• What to produce
Starting at the line with "(forall u v, ex_RInt" and going on through the line with "assert (Hs : s ^ 2 = 2 * k / PI)", reproduce each line in the records below exactly and nothing more.

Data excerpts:
(* Let $\lambda>0$ be the wavelength, let $N\ge 1$ be an integer, and let $\delta=\lambda/2$. For $n\in\{1,\dots,N\}$ let $\bar{x}_n=\left(n-\frac{N+1}{2}\right)\delta$ and $$\mathcal{A}_n=\left\{(x,y,0): |x-\bar{x}_n|\le \tfrac{\delta}{2},\ |y|\le \tfrac{\delta}{2}\right\},$$ and let $A=\delta^2$ denote the area of each $\mathcal{A}_n$. Let $z>0$ and $F>0$ with $z\neq F$, and define $$\hat{G}_{\rm ULA}=\frac{1}{(NA)^2}\left|\sum_{n=1}^N\int_{\mathcal{A}_n} e^{+\mathrm{i}\frac{2\pi}{\lambda}\left(\frac{x^2}{2F}+\frac{y^2}{2F}\right)}\,e^{-\mathrm{i}\frac{2\pi}{\lambda}\left(\frac{x^2}{2z}+\frac{y^2}{2z}\right)}\,dx\,dy\right|^2 .$$ Then, with $z_{\rm eff}=\frac{Fz}{|F-z|}$ and $a=\frac{\lambda}{8z_{\rm eff}}$, $$\hat{G}_{\rm ULA}=\frac{\left(C^2(\sqrt{a})+S^2(\sqrt{a})\right)\left(C^2(\sqrt{a}\,N)+S^2(\sqrt{a}\,N)\right)}{(Na)^2},$$ where $C$ and $S$ are the Fresnel integrals.
   Context: The Fresnel integrals are $C(u)=\int_0^u\cos\left(\frac{\pi t^2}{2}\right)dt$ and $S(u)=\int_0^u\sin\left(\frac{\pi t^2}{2}\right)dt$. Physically, $\hat{G}_{\rm ULA}$ is the (Fresnel-approximated) normalized array gain of a uniform linear array of $N$ square antennas of side $\delta$ along the $x$-axis, centered at the origin, receiving from a transmitter at $(0,0,z)$ with matched filtering focused at $(0,0,F)$; $\mathrm{i}$ is the imaginary unit. *)

From Stdlib Require Import Reals.
From Coquelicot Require Import Coquelicot.
Open Scope R_scope.

Definition fresnelC (u : R) : R := RInt (fun t => cos (PI * t ^ 2 / 2)) 0 u.
Definition fresnelS (u : R) : R := RInt (fun t => sin (PI * t ^ 2 / 2)) 0 u.

Definition cis (theta : R) : C := (cos theta, sin theta).

Definition delta (lam : R) : R := lam / 2.

Definition xbar (lam : R) (N n : nat) : R :=
  (INR n - (INR N + 1) / 2) * delta lam.

Definition integrand (lam z F x y : R) : C :=
  Cmult (cis (2 * PI / lam * (x ^ 2 / (2 * F) + y ^ 2 / (2 * F))))
        (cis (- (2 * PI / lam * (x ^ 2 / (2 * z) + y ^ 2 / (2 * z))))).

(* integral over the square A_n = [xbar_n - d/2, xbar_n + d/2] x [-d/2, d/2]
   (as an iterated Riemann integral; the integrand is continuous) *)
Definition antenna_integral (lam z F : R) (N n : nat) : C :=
  @RInt C_R_CompleteNormedModule (fun x => @RInt C_R_CompleteNormedModule (fun y => integrand lam z F x y)
                      (- delta lam / 2) (delta lam / 2))
       (xbar lam N n - delta lam / 2) (xbar lam N n + delta lam / 2).

Definition area (lam : R) : R := delta lam ^ 2.

Definition G_ULA (lam z F : R) (N : nat) : R :=
  / (INR N * area lam) ^ 2 *
  (Cmod (@sum_n_m C_AbelianMonoid (fun n => antenna_integral lam z F N n) 1 N)) ^ 2.

Definition z_eff (z F : R) : R := F * z / Rabs (F - z).
Definition a_param (lam z F : R) : R := lam / (8 * z_eff z F).

(** With [c = (pi / lambda) (1/F - 1/z)] the integrand is [e^{i c x^2} e^{i c y^2}],
    so every antenna integral is the product of an [x]-integral of the chirp
    [e^{i c t^2}] over the antenna's own interval and a common [y]-integral over
    [[-delta/2, delta/2]].  The antenna intervals tile [[-N delta/2, N delta/2]],
    so the array sum collapses to one chirp integral over the whole aperture.
    The substitution [t = u / sqrt (2|c|/pi)] turns a chirp integral over a
    symmetric interval into twice a Fresnel pair [C + i S] (conjugated when
    [c < 0]), and [sqrt a] is exactly the rescaled half-width [delta/2]. *)
From Stdlib Require Import Reals Lra Lia.
From Coquelicot Require Import Coquelicot.
Open Scope R_scope.

Lemma ex_RInt_comp_sq (g : R -> R) (k u v : R) :
  (forall x, continuous g x) -> ex_RInt (fun t => g (k * t ^ 2)) u v.
Proof.
  intros Hg. apply (@ex_RInt_continuous R_CompleteNormedModule); intros t _.
  apply (continuous_comp (fun t => k * t ^ 2) g); [|apply Hg].
  apply (@ex_derive_continuous R_AbsRing R_NormedModule). auto_derive. easy.
Qed.

Lemma RInt_sym_even (f : R -> R) (T : R) :
  (forall u v, ex_RInt f u v) -> (forall t, f (- t) = f t) ->
  RInt f (- T) T = 2 * RInt f 0 T.
Proof.
  intros Hex Hev.
  assert (Hrefl : RInt f (- T) 0 = RInt f 0 T).
  { transitivity (RInt (fun y => scal (-1) (f (-1 * y + 0))) T 0).
    - rewrite (@RInt_comp_lin R_CompleteNormedModule) by apply Hex. f_equal; ring.
    - rewrite (RInt_ext _ (fun y => opp (f y))).
      + rewrite (@RInt_opp R_CompleteNormedModule) by apply Hex.
        apply opp_RInt_swap, Hex.
      + intros y _. rewrite <- (Hev y). replace (-1 * y + 0) with (- y) by ring.
        unfold opp, scal; simpl; unfold mult; simpl. ring. }
  rewrite <- (RInt_Chasles f (- T) 0 T), Hrefl by apply Hex.
  unfold plus; simpl. ring.
Qed.

Lemma RInt_chirp_scaling (g : R -> R) (k L : R) :
  (forall x, continuous g x) -> 0 < k ->
  sqrt (2 * k / PI) * RInt (fun t => g (k * t ^ 2)) (- L) L
  = 2 * RInt (fun t => g (PI * t ^ 2 / 2)) 0 (sqrt (2 * k / PI) * L).
Proof.
  intros Hg Hk.
  pose proof PI_RGT_0 as HPI.
  set (s := sqrt (2 * k / PI)).
  assert (Hs : s ^ 2 = 2 * k / PI)
    by (apply pow2_sqrt, Rlt_le, Rdiv_lt_0_compat; lra).
  assert (Hex : forall u v, ex_RInt (fun t => g (PI * t ^ 2 / 2)) u v).
  { intros u v. apply (ex_RInt_ext (fun t => g (PI / 2 * t ^ 2))).
    - intros t _. f_equal. field.
    - apply ex_RInt_comp_sq, Hg. }
  rewrite <- (RInt_scal (fun t => g (k * t ^ 2))) by apply ex_RInt_comp_sq, Hg.
  rewrite (@RInt_ext R_CompleteNormedModule _ (fun y => scal s (g (PI * (s * y + 0) ^ 2 / 2)))).
  2:{ intros y _. assert (Hy : k * y ^ 2 = PI * (s * y + 0) ^ 2 / 2).
      { replace (PI * (s * y + 0) ^ 2 / 2) with (PI * s ^ 2 * y ^ 2 / 2) by field.
        rewrite Hs. field. lra. }
      rewrite Hy. reflexivity. }
  rewrite (@RInt_comp_lin R_CompleteNormedModule (fun t => g (PI * t ^ 2 / 2))) by apply Hex.
  replace (s * - L + 0) with (- (s * L)) by ring.
  replace (s * L + 0) with (s * L) by ring.
  apply RInt_sym_even; [apply Hex|].
  intros t. f_equal. field.
Qed.

Lemma cis_plus (a b : R) : cis (a + b) = (cis a * cis b)%C.
Proof.
  unfold cis, Cmult; simpl. rewrite cos_plus, sin_plus.
  f_equal; ring.
Qed.

Lemma is_RInt_Cmult_l (k : C) (f : R -> C) (u v : R) (I : C) :
  @is_RInt C_R_NormedModule f u v I ->
  @is_RInt C_R_NormedModule (fun t => (k * f t)%C) u v (k * I)%C.
Proof.
  intros H.
  pose proof (is_RInt_fct_extend_fst f u v I H) as Hre.
  pose proof (is_RInt_fct_extend_snd f u v I H) as Him.
  destruct k as [k1 k2]; unfold Cmult; simpl.
  apply is_RInt_fct_extend_pair; simpl.
  - apply (@is_RInt_minus R_NormedModule); apply (@is_RInt_scal R_NormedModule); assumption.
  - apply (@is_RInt_plus R_NormedModule); apply (@is_RInt_scal R_NormedModule); assumption.
Qed.

Section ChirpIntegral.

Variable c : R.

Definition chirp_integral (u v : R) : C :=
  (RInt (fun t => cos (c * t ^ 2)) u v, RInt (fun t => sin (c * t ^ 2)) u v).

Lemma is_RInt_cis_chirp (u v : R) :
  @is_RInt C_R_NormedModule (fun t => cis (c * t ^ 2)) u v (chirp_integral u v).
Proof.
  apply is_RInt_fct_extend_pair; simpl;
    apply (@RInt_correct R_CompleteNormedModule), ex_RInt_comp_sq.
  - exact continuous_cos.
  - exact continuous_sin.
Qed.

Lemma chirp_integral_Chasles (u v w : R) :
  (chirp_integral u v + chirp_integral v w)%C = chirp_integral u w.
Proof.
  unfold chirp_integral, Cplus; simpl.
  f_equal; apply (@RInt_Chasles R_CompleteNormedModule); apply ex_RInt_comp_sq.
  all: first [exact continuous_cos | exact continuous_sin].
Qed.

Lemma sum_chirp_integral_consecutive (p : nat -> R) (m k : nat) : (m <= k)%nat ->
  @sum_n_m C_AbelianMonoid (fun n => chirp_integral (p n) (p (S n))) m k
  = chirp_integral (p m) (p (S k)).
Proof.
  induction k as [|k IH]; intros Hmk.
  - assert (m = 0%nat) as -> by lia. now rewrite sum_n_n.
  - destruct (Nat.eq_dec m (S k)) as [-> | Hne].
    + now rewrite sum_n_n.
    + rewrite sum_n_Sm, IH by lia. apply chirp_integral_Chasles.
Qed.

End ChirpIntegral.

Lemma chirp_integral_opp (c u v : R) :
  chirp_integral (- c) u v = Cconj (chirp_integral c u v).
Proof.
  unfold chirp_integral, Cconj; simpl. f_equal.
  - apply RInt_ext. intros t _. rewrite <- cos_neg. f_equal. ring.
  - rewrite <- (@RInt_opp R_CompleteNormedModule)
      by (apply ex_RInt_comp_sq; exact continuous_sin).
    apply RInt_ext. intros t _. unfold opp; simpl. rewrite <- sin_neg. f_equal. ring.
Qed.

Definition fresnel_scale (c : R) : R := sqrt (2 * Rabs c / PI).

Lemma fresnel_scale_pos (c : R) : c <> 0 -> 0 < fresnel_scale c.
Proof.
  intros Hc. apply sqrt_lt_R0, Rdiv_lt_0_compat; [|exact PI_RGT_0].
  pose proof (Rabs_pos_lt c Hc). lra.
Qed.

Lemma Cmod_chirp_integral_sym (c L : R) : c <> 0 ->
  Cmod (chirp_integral c (- L) L) ^ 2
  = 4 * (fresnelC (fresnel_scale c * L) ^ 2 + fresnelS (fresnel_scale c * L) ^ 2)
    / fresnel_scale c ^ 2.
Proof.
  intros Hc.
  assert (Hpos : forall k, 0 < k ->
    (fresnel_scale k * Cmod (chirp_integral k (- L) L)) ^ 2
    = 4 * (fresnelC (fresnel_scale k * L) ^ 2 + fresnelS (fresnel_scale k * L) ^ 2)).
  { intros k Hk. unfold fresnel_scale. rewrite Rabs_pos_eq by lra.
    rewrite Rpow_mult_distr, Cmod2_alt. unfold chirp_integral, Re, Im; cbn [fst snd].
    rewrite Rmult_plus_distr_l, <- !Rpow_mult_distr.
    rewrite !RInt_chirp_scaling by first [exact continuous_cos | exact continuous_sin | exact Hk].
    unfold fresnelC, fresnelS. ring. }
  assert (Hscaled : (fresnel_scale c * Cmod (chirp_integral c (- L) L)) ^ 2
    = 4 * (fresnelC (fresnel_scale c * L) ^ 2 + fresnelS (fresnel_scale c * L) ^ 2)).
  { destruct (Rlt_or_le 0 c) as [Hc_pos | Hc_neg].
    - now apply Hpos.
    - replace c with (- - c) by ring.
      rewrite chirp_integral_opp, Cmod_conj. unfold fresnel_scale. rewrite Rabs_Ropp.
      apply Hpos. lra. }
  pose proof (fresnel_scale_pos c Hc).
  rewrite <- Hscaled. field. lra.
Qed.

Definition chirp_rate (lam z F : R) : R := PI / lam * (/ F - / z).

Section UniformLinearArray.

Variables (lam z F : R) (N : nat).
Hypotheses (Hlam : lam <> 0) (Hz : z <> 0) (HF : F <> 0).

Let c := chirp_rate lam z F.
Let d := delta lam.

Lemma integrand_cis (x y : R) :
  integrand lam z F x y = (cis (c * x ^ 2) * cis (c * y ^ 2))%C.
Proof.
  unfold integrand. rewrite <- !cis_plus. f_equal.
  unfold c, chirp_rate. field. auto.
Qed.

Lemma antenna_integral_factor (n : nat) :
  antenna_integral lam z F N n =
  (chirp_integral c (xbar lam N n - d / 2) (xbar lam N n + d / 2)
   * chirp_integral c (- d / 2) (d / 2))%C.
Proof.
  set (Y := chirp_integral c (- d / 2) (d / 2)).
  unfold antenna_integral. fold d.
  rewrite (@RInt_ext C_R_CompleteNormedModule _ (fun x => (cis (c * x ^ 2) * Y)%C)).
  - apply (@is_RInt_unique C_R_CompleteNormedModule).
    rewrite Cmult_comm. apply (is_RInt_ext (fun x => (Y * cis (c * x ^ 2))%C)).
    + intros x _. apply Cmult_comm.
    + apply is_RInt_Cmult_l, is_RInt_cis_chirp.
  - intros x _. apply (@is_RInt_unique C_R_CompleteNormedModule).
    apply (is_RInt_ext (fun y => (cis (c * x ^ 2) * cis (c * y ^ 2))%C)).
    + intros y _. symmetry. apply integrand_cis.
    + apply is_RInt_Cmult_l, is_RInt_cis_chirp.
Qed.

Lemma array_integral_factor : (1 <= N)%nat ->
  @sum_n_m C_AbelianMonoid (fun n => antenna_integral lam z F N n) 1 N =
  (chirp_integral c (- (INR N * d / 2)) (INR N * d / 2)
   * chirp_integral c (- (d / 2)) (d / 2))%C.
Proof.
  intros HN.
  set (p n := xbar lam N n - d / 2).
  assert (Hp : forall n, xbar lam N n + d / 2 = p (S n))
    by (intros n; unfold p, xbar; fold d; rewrite S_INR; field).
  rewrite (sum_n_m_ext _ (fun n => @mult C_Ring (chirp_integral c (p n) (p (S n)))
                                       (chirp_integral c (- d / 2) (d / 2)))).
  2:{ intros n. rewrite antenna_integral_factor, Hp. reflexivity. }
  rewrite sum_n_m_mult_r, sum_chirp_integral_consecutive by exact HN.
  replace (- (d / 2)) with (- d / 2) by field.
  change (@mult C_Ring ?a ?b) with (Cmult a b). unfold p, xbar. fold d.
  f_equal. f_equal; rewrite !S_INR; simpl (INR 0); field.
Qed.

End UniformLinearArray.

Section ChirpRate.

Variables lam z F : R.
Hypotheses (Hlam : 0 < lam) (Hz : 0 < z) (HF : 0 < F).

Lemma Rabs_chirp_rate : Rabs (chirp_rate lam z F) = PI * Rabs (F - z) / (lam * F * z).
Proof.
  pose proof PI_RGT_0.
  replace (chirp_rate lam z F) with (PI / (lam * F * z) * (z - F))
    by (unfold chirp_rate; field; lra).
  rewrite Rabs_mult, Rabs_minus_sym, Rabs_pos_eq.
  - field. lra.
  - apply Rlt_le, Rdiv_lt_0_compat; [lra|]. apply Rmult_lt_0_compat; [apply Rmult_lt_0_compat|]; lra.
Qed.

Hypothesis HzF : z <> F.

Lemma chirp_rate_neq0 : chirp_rate lam z F <> 0.
Proof.
  intros Hc. pose proof PI_RGT_0.
  assert (HFz : 0 < Rabs (F - z)) by (apply Rabs_pos_lt; lra).
  assert (Habs : 0 < Rabs (chirp_rate lam z F)).
  { rewrite Rabs_chirp_rate. apply Rdiv_lt_0_compat; [nra|].
    apply Rmult_lt_0_compat; [apply Rmult_lt_0_compat|]; lra. }
  rewrite Hc, Rabs_R0 in Habs. lra.
Qed.

Lemma a_param_fresnel_scale :
  a_param lam z F = (fresnel_scale (chirp_rate lam z F) * (delta lam / 2)) ^ 2.
Proof.
  pose proof PI_RGT_0.
  assert (HFz : 0 < Rabs (F - z)) by (apply Rabs_pos_lt; lra).
  rewrite Rpow_mult_distr. unfold fresnel_scale.
  rewrite pow2_sqrt, Rabs_chirp_rate.
  - unfold a_param, z_eff, delta. field. lra.
  - apply Rlt_le, Rdiv_lt_0_compat; [|lra].
    pose proof (Rabs_pos_lt _ chirp_rate_neq0). lra.
Qed.

End ChirpRate.

Theorem theorem1 (lam : R) (N : nat) (z F : R) :
  0 < lam -> (1 <= N)%nat -> 0 < z -> 0 < F -> z <> F ->
  let a := a_param lam z F in
  G_ULA lam z F N =
  (fresnelC (sqrt a) ^ 2 + fresnelS (sqrt a) ^ 2) *
  (fresnelC (sqrt a * INR N) ^ 2 + fresnelS (sqrt a * INR N) ^ 2) /
  (INR N * a) ^ 2.
Proof.
  intros Hlam HN Hz HF HzF a.
  set (c := chirp_rate lam z F). set (d := delta lam). set (s := fresnel_scale c).
  assert (Hc : c <> 0) by (apply chirp_rate_neq0; lra).
  assert (Hs : 0 < s) by (apply fresnel_scale_pos, Hc).
  assert (Hd : 0 < d) by (unfold d, delta; lra).
  assert (HN0 : 0 < INR N) by (apply lt_0_INR; lia).
  assert (Ha : a = (s * (d / 2)) ^ 2) by (apply a_param_fresnel_scale; lra).
  rewrite Ha, sqrt_pow2 by nra.
  replace (s * (d / 2) * INR N) with (s * (INR N * d / 2)) by field.
  pose proof (Cmod_chirp_integral_sym c (INR N * d / 2) Hc) as HX.
  pose proof (Cmod_chirp_integral_sym c (d / 2) Hc) as HY.
  fold s in HX, HY.
  unfold G_ULA, area. rewrite array_integral_factor by first [lra | lia].
  fold c d. rewrite Cmod_mult, (Rpow_mult_distr (Cmod _)), HX, HY.
  field. lra.
Qed.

• Exercise result
  (forall u v, ex_RInt f u v) -> (forall t, f (- t) = f t) ->
  RInt f (- T) T = 2 * RInt f 0 T.
Proof.
  intros Hex Hev.
  assert (Hrefl : RInt f (- T) 0 = RInt f 0 T).
  { transitivity (RInt (fun y => scal (-1) (f (-1 * y + 0))) T 0).
    - rewrite (@RInt_comp_lin R_CompleteNormedModule) by apply Hex. f_equal; ring.
    - rewrite (RInt_ext _ (fun y => opp (f y))).
      + rewrite (@RInt_opp R_CompleteNormedModule) by apply Hex.
        apply opp_RInt_swap, Hex.
      + intros y _. rewrite <- (Hev y). replace (-1 * y + 0) with (- y) by ring.
        unfold opp, scal; simpl; unfold mult; simpl. ring. }
  rewrite <- (RInt_Chasles f (- T) 0 T), Hrefl by apply Hex.
  unfold plus; simpl. ring.
Qed.

Lemma RInt_chirp_scaling (g : R -> R) (k L : R) :
  (forall x, continuous g x) -> 0 < k ->
  sqrt (2 * k / PI) * RInt (fun t => g (k * t ^ 2)) (- L) L
  = 2 * RInt (fun t => g (PI * t ^ 2 / 2)) 0 (sqrt (2 * k / PI) * L).
Proof.
  intros Hg Hk.
  pose proof PI_RGT_0 as HPI.
  set (s := sqrt (2 * k / PI)).
  assert (Hs : s ^ 2 = 2 * k / PI)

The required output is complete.